The later edition can still perform the needed checks (since the config cannot be trusted since the user can just have replaced the /config/config.boot file) but without the current massive overhead of start python, do stuff, stop python, next line, start python, do stuff, stop python repeat.

That’s because there are different checks happening at different times; some when a set command is sent, and different checks when a commit is initiated. One could argue that mitigating an error when someone defines a configuration with set is more desirable than doing all the checking at the end and outputting potentially many errors.

The current scripting environment is essentially just the same as copying/pasting all the commands in a SSH session.

I get that you want to check this when typing the line in config-mode.

But why also do this when the config is commited or loaded during boot?

Its just wrong that it should take 10 minutes or more for a VyOS to boot just because it got a few hundred static routes configured along with some firewall rules.

Exactly, if the config has been validated previously, then during boot time, it should simply go up in the same state as it was previosuly, saving a lot of processing time.

Because there are different types of checks happening, not the exact same checks both at set and commit. Checks at set are mostly format related, like did you put in something in the format of a MAC address or is there a random J in there that doesn’t belong? Is that hex key 128bits, or did you only put in 120?

As you already pointed out the config.boot could be modified before the system is powered on so it still needs some validation on startup.

I’m not saying there’s no room for improvement, but you’re unfairly comparing a large wrapper written in Python to a native application written in (likely optimized) C. You’re further comparing commands typed, which not only are being validated, but text is then being sent to the screen (even without errors you’ll get the prompt of where you are in the config tree). This all takes processing time, and added together it does result in some lag compared to a C application that is loading and validating a text file/input with no output to the screen until the end.

If you have a better way to handle this, by all means submit a PR with the appropriate changes. The team is great to work with.

Well a basic sha/md5 validation, wouldn’t be enough to ensure it remains as it was before rebooting ? This way, saving much of the startup time ?

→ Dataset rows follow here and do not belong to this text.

Lemma survival_0 d r : survival d 0 r = 1.
Proof. unfold survival. simpl. destruct (excluded_middle_informative True); tauto. Qed.

Lemma survival_S d m r : survival d (S m) r = branch_step d (survival d m) r.
Proof. apply prod_law_descent_pred_S. Qed.

Hypothesis Hp : 0 < p < 1.

Lemma survival_range d m r : 0 <= survival d m r <= 1.
Proof. unfold survival. split; [apply prod_law_nonneg|apply prod_law_le1]; auto. Qed.

Lemma branch_step_mono c f f' r : (forall r, 0 <= f' r <= f r) -> (forall r, f r <= 1) ->
  branch_step c f' r <= branch_step c f r.
Proof.
  intros H1 H2. unfold branch_step. apply geomE_mono; auto. intro k.
  destruct (le_dec 1 (Nat.max r k)); [|lra].
  specialize (H1 (Nat.max r k - 1)%nat). specialize (H2 (Nat.max r k - 1)%nat).
  assert ((1 - f (Nat.max r k - 1)%nat) ^ c <= (1 - f' (Nat.max r k - 1)%nat) ^ c)
    by (apply pow_incr; lra).
  lra.
Qed.

Lemma branch_step_S c f r : (forall r, 0 <= f r <= 1) ->
  branch_step c f r <= branch_step (S c) f r.
Proof.
  intros H. unfold branch_step. apply geomE_mono; auto. intro k.
  destruct (le_dec 1 (Nat.max r k)); [|lra].
  specialize (H (Nat.max r k - 1)%nat). simpl.
  assert (0 <= (1 - f (Nat.max r k - 1)%nat) ^ c) by (apply pow_le; lra). nra.
Qed.

End SurvivalRecursion.

Section LawOfCoverage.
Variable Sp : ProbSpace.
Variable d : nat.
Variable p : R.
Variable Rad : list nat -> Omega Sp -> nat.
Variable N : nat.
Hypothesis Hiid : iid_geometric Sp d p Rad.
Notation trad := (trunc_rad Rad N).
Notation descends := (descends d (Omega Sp) trad).

Lemma Pr_descends n v r : valid d v ->
  Pr Sp (descends n v r) =
  prod_law p N (length (subtree d n v)) (descent_pred d n (n_children d v) r).
Proof.
  intros Hv.
  transitivity (Pr Sp (fun w => pinned Sp Rad N [] w /\
    descent_pred d n (n_children d v) r (map (fun u => trad u w) (subtree d n v)))).
  - apply Pr_ext. intro w. rewrite (descends_iff_descent_pred d (Omega Sp) trad). unfold pinned.
    split; [intros; split; auto|tauto].
  - rewrite (Pr_pinned_cylinder Sp d p Rad N Hiid); [unfold pinned_weight; simpl; ring|auto|].
    split; [apply NoDup_subtree|]. apply Forall_forall. intros x Hx.
    apply (valid_subtree d n v); auto.
Qed.

Lemma covered_at_depth_iff_descends_trunc n w : (n <= N)%nat ->
  covered_at_depth d (Omega Sp) Rad n w <-> descends n [] 0 w.
Proof.
  intros Hn. rewrite (covered_at_depth_trunc (Omega Sp) Rad N) by auto.
  apply covered_at_depth_iff_descends.
Qed.

Lemma meas_covered_at_depth n : (n <= N)%nat -> meas Sp (covered_at_depth d (Omega Sp) Rad n).
Proof.
  intros Hn. eapply meas_ext.
  - apply (meas_trad_cylinder Sp d p Rad N Hiid (subtree d n []) (descent_pred d n (S d) 0)).
  - intro w. rewrite covered_at_depth_iff_descends_trunc by auto.
    rewrite (descends_iff_descent_pred d (Omega Sp) trad). tauto.
Qed.

Lemma Pr_covered_at_depth n : (S n <= N)%nat ->
  Pr Sp (covered_at_depth d (Omega Sp) Rad (S n)) = branch_step p N (S d) (survival p N d n) 0.
Proof.
  intros Hn.
  rewrite (Pr_ext Sp _ (descends (S n) [] 0))
    by (intro; apply covered_at_depth_iff_descends_trunc; auto).
  rewrite Pr_descends by exact I. rewrite <- prod_law_descent_pred_S. f_equal.
  change (S (length (flat_map (fun i => subtree d n [i]) (seq 0 (S d)))) =
          S (S d * subtree_size d n))%nat.
  rewrite (length_flat_map_const _ (subtree_size d n)), length_seq; auto.
  intro; apply length_subtree; discriminate.
Qed.

End LawOfCoverage.

Lemma pow_le1 x n : 0 <= x <= 1 -> x ^ n <= 1.
Proof. intros H. induction n; simpl; nra. Qed.

Lemma pow_decr x m n : 0 <= x <= 1 -> (m <= n)%nat -> x ^ n <= x ^ m.
Proof.
  intros Hx Hmn. replace n with (m + (n - m))%nat by lia. rewrite pow_add.
  pose proof (pow_le1 x (n - m) Hx). pose proof (pow_le x m (proj1 Hx)). nra.
Qed.

Lemma Bernoulli_lower a n : 0 <= a <= 1 -> 1 - INR n * a <= (1 - a) ^ n.
Proof.
  intros H. induction n; [simpl; lra|]. rewrite S_INR. simpl.
  pose proof (pos_INR n). nra.
Qed.

Lemma Bernoulli_upper a n : 0 <= a <= 1 -> (1 - a) ^ n <= 1 - INR n * a + INR n ^ 2 * a ^ 2.
Proof.
  intros H. induction n; [simpl; lra|]. rewrite S_INR. simpl.
  pose proof (pos_INR n).
  assert (0 <= 1 - INR n * a + INR n ^ 2 * a ^ 2) by nra.
  simpl in IHn. nra.
Qed.

Lemma le0_of_le_geometric x C q : 0 <= q < 1 -> (forall n, x <= C * q ^ n) -> x <= 0.
Proof.
  intros Hq Hx. destruct (Rle_lt_dec x 0) as [|Hpos]; auto. exfalso.
  assert (HC : 0 < C) by (specialize (Hx 0%nat); simpl in Hx; lra).
  destruct (pow_lt_1_zero q ltac:(rewrite Rabs_right; lra) (x / C)
              ltac:(apply Rdiv_lt_0_compat; auto)) as [n Hn].
  specialize (Hn n (le_n n)). rewrite Rabs_right in Hn by (apply Rle_ge, pow_le; lra).
  specialize (Hx n). apply Rmult_lt_compat_l with (r := C) in Hn; auto.
  replace (C * (x / C)) with x in Hn by (field; lra). lra.
Qed.

Section SubcriticalBound.
Variable p : R.
Variable N : nat.
Variable g c : R.
Hypothesis Hp : 0 < p < 1.
Hypothesis Hg : 1 <= g.
Hypothesis Hpg : p * g < 1.

Definition tail_excess (r : nat) : R := p ^ (S r) * g ^ (r - 1) * (g - 1) / (1 - p * g).

(* The untruncated tail [sum_(k >= j) (1-p) p^k g^(max r k - 1)], in closed form. *)
Definition reach_moment_tail (r j : nat) : R :=
  if le_dec j r then p ^ j * g ^ (r - 1) + tail_excess r
  else (1 - p) * p ^ j * g ^ (j - 1) / (1 - p * g).

Lemma tail_excess_nonneg r : 0 <= tail_excess r.
Proof.
  unfold tail_excess. apply Rmult_le_pos; [repeat apply Rmult_le_pos|]; try lra;
    try (apply pow_le; lra). left; apply Rinv_0_lt_compat; lra.
Qed.

(* Truncating at [N] lumps the tail onto one atom, which only decreases the sum as [g >= 1]. *)
Lemma geomE_reach_moment_le r : forall m j, (1 <= r \/ r < j)%nat ->
  geomE p (fun k => g ^ (Nat.max r k - 1)) j m <= reach_moment_tail r j.
Proof.
  assert (Hinv : 0 < / (1 - p * g)) by (apply Rinv_0_lt_compat; lra).
  assert (Hpj : forall j, 0 < p ^ j) by (intro; apply pow_lt; lra).
  assert (Hgj : forall j, 0 < g ^ j) by (intro; apply pow_lt; lra).
  induction m; intros j Hrj; simpl geomE; unfold reach_moment_tail.
  - destruct (le_dec j r).
    + replace (Nat.max r j - 1)%nat with (r - 1)%nat by lia. pose proof (tail_excess_nonneg r). lra.
    + replace (Nat.max r j - 1)%nat with (j - 1)%nat by lia.
      pose proof (Hpj j); pose proof (Hgj (j-1)%nat).
      replace ((1 - p) * p ^ j * g ^ (j - 1) / (1 - p * g)) with
        (p ^ j * g ^ (j - 1) + p ^ j * g ^ (j - 1) * p * (g - 1) * / (1 - p * g)) by (field; lra).
      assert (0 <= p ^ j * g ^ (j - 1) * p * (g - 1) * / (1 - p * g))
        by (repeat apply Rmult_le_pos; lra).
      lra.
  - specialize (IHm (S j) ltac:(lia)). unfold reach_moment_tail in IHm.
    destruct (le_dec j r) as [Hj|Hj].
    + replace (Nat.max r j - 1)%nat with (r - 1)%nat by lia.
      destruct (le_dec (S j) r) as [Hj'|Hj'].
      * simpl in IHm. nra.
      * assert (j = r) by lia. subst j.
        replace (S r - 1)%nat with r in IHm by lia.
        assert (E : (1 - p) * p ^ S r * g ^ r / (1 - p * g) = p ^ S r * g ^ (r - 1) + tail_excess r).
        { unfold tail_excess. destruct r; [lia|].
          replace (S r - 1)%nat with r by lia. simpl. field. lra. }
        rewrite E in IHm. simpl in IHm |- *. nra.
    + destruct (le_dec (S j) r) as [|_]; [lia|].
      replace (Nat.max r j - 1)%nat with (j - 1)%nat by lia.
      replace (S j - 1)%nat with j in IHm by lia.
      destruct j; [lia|]. replace (S j - 1)%nat with j by lia.
      apply Rle_trans with ((1 - p) * p ^ S j * g ^ j + (1 - p) * p ^ S (S j) * g ^ S j / (1 - p * g)).
      * simpl in IHm |- *. lra.
      * right. simpl. field. lra.
Qed.

Hypothesis Hc : c = p ^ 2 * g / (1 - p * g).
Hypothesis Hc1 : c < 1.
Hypothesis Hr0 : (1 - p) * p / (1 - p * g) - c * p <= (1 - c) / g.
Hypothesis HN : (1 <= N)%nat.

(* [h r = g^r - c] is a positive supermartingale-type potential: one generation of the
   reach recursion shrinks its expectation by the factor [g]. *)
Lemma potential_step_le r :
  geomE p (fun k => if le_dec 1 (Nat.max r k) then g ^ (Nat.max r k - 1) - c else 0) 0 N
  <= (g ^ r - c) / g.
Proof.
  destruct r as [|r].
  - destruct N as [|N']; [lia|]. simpl geomE.
    rewrite (geomE_ext_from _ _ (fun k => 1 * g ^ (Nat.max 0 k - 1) + (- c) * 1)).
    + rewrite geomE_lin, geomE_const. pose proof (geomE_reach_moment_le 0 N' 1 ltac:(lia)) as HB.
      unfold reach_moment_tail in HB. destruct (le_dec 1 0); [lia|]. simpl in HB |- *.
      destruct (le_dec 1 0); [lia|]. lra.
    + intros k Hk. destruct (le_dec 1 k); [simpl; ring|lia].
  - rewrite (geomE_ext _ _ (fun k => 1 * g ^ (Nat.max (S r) k - 1) + (- c) * 1))
      by (intro k; destruct (le_dec 1 (Nat.max (S r) k)); [ring|lia]).
    rewrite geomE_lin, geomE_const. pose proof (geomE_reach_moment_le (S r) N 0 ltac:(lia)) as HB.
    unfold reach_moment_tail, tail_excess in HB. destruct (le_dec 0 (S r)); [|lia].
    replace (S r - 1)%nat with r in HB by lia.
    assert (Hpr : p ^ r * g ^ r <= 1)
      by (rewrite <- Rpow_mult_distr; apply pow_le1; split; [apply Rmult_le_pos|]; lra).
    assert (Key : p ^ S (S r) * g ^ r * (g - 1) / (1 - p * g) <= c - c / g).
    { assert (E1 : c - c / g = p * p * (g - 1) / (1 - p * g)) by (rewrite Hc; field; lra).
      rewrite E1.
      replace (p ^ S (S r) * g ^ r * (g - 1) / (1 - p * g)) with
        ((p ^ r * g ^ r) * (p * p * (g - 1) / (1 - p * g))) by (simpl; field; lra).
      assert (0 <= p * p * (g - 1) / (1 - p * g)).
      { unfold Rdiv. repeat apply Rmult_le_pos; try lra. left; apply Rinv_0_lt_compat; lra. }
      nra. }
    simpl pow in HB |- *.
    replace ((g * g ^ r - c) / g) with (g ^ r - c / g) by (field; lra).
    simpl in Key. lra.
Qed.

Lemma branch_step_le_potential (b : nat) (f : nat -> R) (A : R) r :
  (forall r, 0 <= f r <= 1) -> 0 <= A -> (forall r, f r <= A * (g ^ r - c)) ->
  branch_step p N b f r <= INR b * A * ((g ^ r - c) / g).
Proof.
  intros Hf HA Hb. unfold branch_step.
  apply Rle_trans with (geomE p (fun k => (INR b * A) *
    (if le_dec 1 (Nat.max r k) then g ^ (Nat.max r k - 1) - c else 0) + 0 * 0) 0 N).
  - apply geomE_mono; auto. intro k. destruct (le_dec 1 (Nat.max r k)); [|nra].
    pose proof (Bernoulli_lower (f (Nat.max r k - 1)%nat) b (Hf _)).
    pose proof (Hb (Nat.max r k - 1)%nat). pose proof (pos_INR b). nra.
  - rewrite geomE_lin, geomE_const. pose proof (potential_step_le r). pose proof (pos_INR b).
    assert (0 <= INR b * A) by (apply Rmult_le_pos; auto). nra.
Qed.

Variable d : nat.

Lemma survival_le_potential m : forall r,
  survival p N d m r <= (INR d / g) ^ m / (1 - c) * (g ^ r - c).
Proof.
  assert (Hgr : forall r, 1 - c <= g ^ r - c) by (intro r; pose proof (pow_R1_Rle g r Hg); lra).
  induction m; intros r.
  - rewrite survival_0. simpl. specialize (Hgr r).
    replace (1 / (1 - c) * (g ^ r - c)) with ((g ^ r - c) / (1 - c)) by (field; lra).
    apply Rmult_le_reg_r with (1 - c); [lra|].
    unfold Rdiv. rewrite Rmult_assoc, Rinv_l by lra. lra.
  - rewrite survival_S.
    assert (HA : 0 <= (INR d / g) ^ m / (1 - c)).
    { unfold Rdiv. apply Rmult_le_pos; [apply pow_le, Rmult_le_pos; [apply pos_INR|]|];
        left; apply Rinv_0_lt_compat; lra. }
    eapply Rle_trans;
      [apply branch_step_le_potential; [apply survival_range; auto|apply HA|apply IHm]|].
    right. simpl. field. split; lra.
Qed.

Lemma branch_step_root_le n :
  branch_step p N (S d) (survival p N d n) 0 <= INR (S d) / g * (INR d / g) ^ n.
Proof.
  assert (HA : 0 <= (INR d / g) ^ n / (1 - c)).
  { unfold Rdiv. apply Rmult_le_pos; [apply pow_le, Rmult_le_pos; [apply pos_INR|]|];
      left; apply Rinv_0_lt_compat; lra. }
  eapply Rle_trans.
  - apply branch_step_le_potential; [intro; apply survival_range; auto|exact HA|].
    apply survival_le_potential.
  - right. simpl. field. split; lra.
Qed.

End SubcriticalBound.

Lemma one_minus_pow_ge a s n : 0 <= a <= 1 -> INR n * a <= s ->
  (1 - s) * (INR n * a) <= 1 - (1 - a) ^ n.
Proof.
  intros Ha Hs. pose proof (Bernoulli_upper a n Ha). pose proof (pos_INR n).
  assert (0 <= INR n * a) by (apply Rmult_le_pos; lra).
  assert (0 <= (s - INR n * a) * (INR n * a)) by (apply Rmult_le_pos; lra).
  replace (INR n ^ 2 * a ^ 2) with ((INR n * a) * (INR n * a)) in * by ring.
  nra.
Qed.

Section Profile.
Variable d : nat.
Variable p : R.
Hypothesis Hp : 0 < p < 1.

(* [geomS f j n] is [geomE f j n] without its tail atom. *)
Fixpoint geomS (f : nat -> R) (j n : nat) : R :=
  match n with O => 0 | S n' => (1 - p) * p ^ j * f j + geomS f (S j) n' end.

Lemma geomS_shift f n : forall j, geomS f (S j) n = p * geomS (fun k => f (S k)) j n.
Proof. induction n; intros j; simpl; [ring|]. rewrite IHn. ring. Qed.

Lemma geomS_lin f g a c n : forall j,
  geomS (fun k => a * f k + c * g k) j n = a * geomS f j n + c * geomS g j n.
Proof. induction n; intros j; simpl; [ring|]. rewrite IHn. ring. Qed.

Lemma geomS_const n : forall j, geomS (fun _ => 1) j n = p ^ j * (1 - p ^ n).
Proof. induction n; intros j; simpl; [ring|]. rewrite IHn. simpl. ring. Qed.

Lemma geomS_mono f g n : forall j, (forall k, f k <= g k) -> geomS f j n <= geomS g j n.
Proof.
  induction n; intros j H; simpl; [lra|]. apply Rplus_le_compat; auto.
  apply Rmult_le_compat_l; auto. apply Rmult_le_pos; [lra|apply pow_le; lra].
Qed.

Lemma geomS_ext f g n : forall j, (forall k, (j <= k < j + n)%nat -> f k = g k) ->
  geomS f j n = geomS g j n.
Proof.
  induction n; intros j H; simpl; auto. rewrite H by lia.
  rewrite (IHn (S j)); auto. intros; apply H; lia.
Qed.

Where would that hash be stored? What’s to stop someone from just changing the hash? Or changing the config and updating the hash?

Do you agree with me, that if someone does that in purpose, that then its his responsibility if anything goes wrong in the process ? A sane user, like you and me, wouldn’t do it for sure. :wink:

But if I were a malicious actor that gained access to your system I could cause a lot of havoc just by changing a hash, no?

I’ve yet to be not surprised by some actions taken by users and administrators alike.

I don’t disagree that load time is a valid criticism. I just don’t think the solution is as simple as many may think.

If you gained access to the system, then you’ve answered yourself, period. You don’t even have to matter about what could be done, as if you have access, then that’s about it. :wink:

Could be for example solved by having a 2nd config called I dunno, “config.verified” or “config.cached” that has a cryptographically signed hash at bottom to verify that the content of this file hasnt been easily modified by accident by the admin so then the prechecks for EVERY line back and forth doesnt have to be done (since it already was done once).

This way we would avoid the scenario of an admin uploading a custom config which might contains errors.

And regarding creating PR’s, thanks - I have already created several for the past months.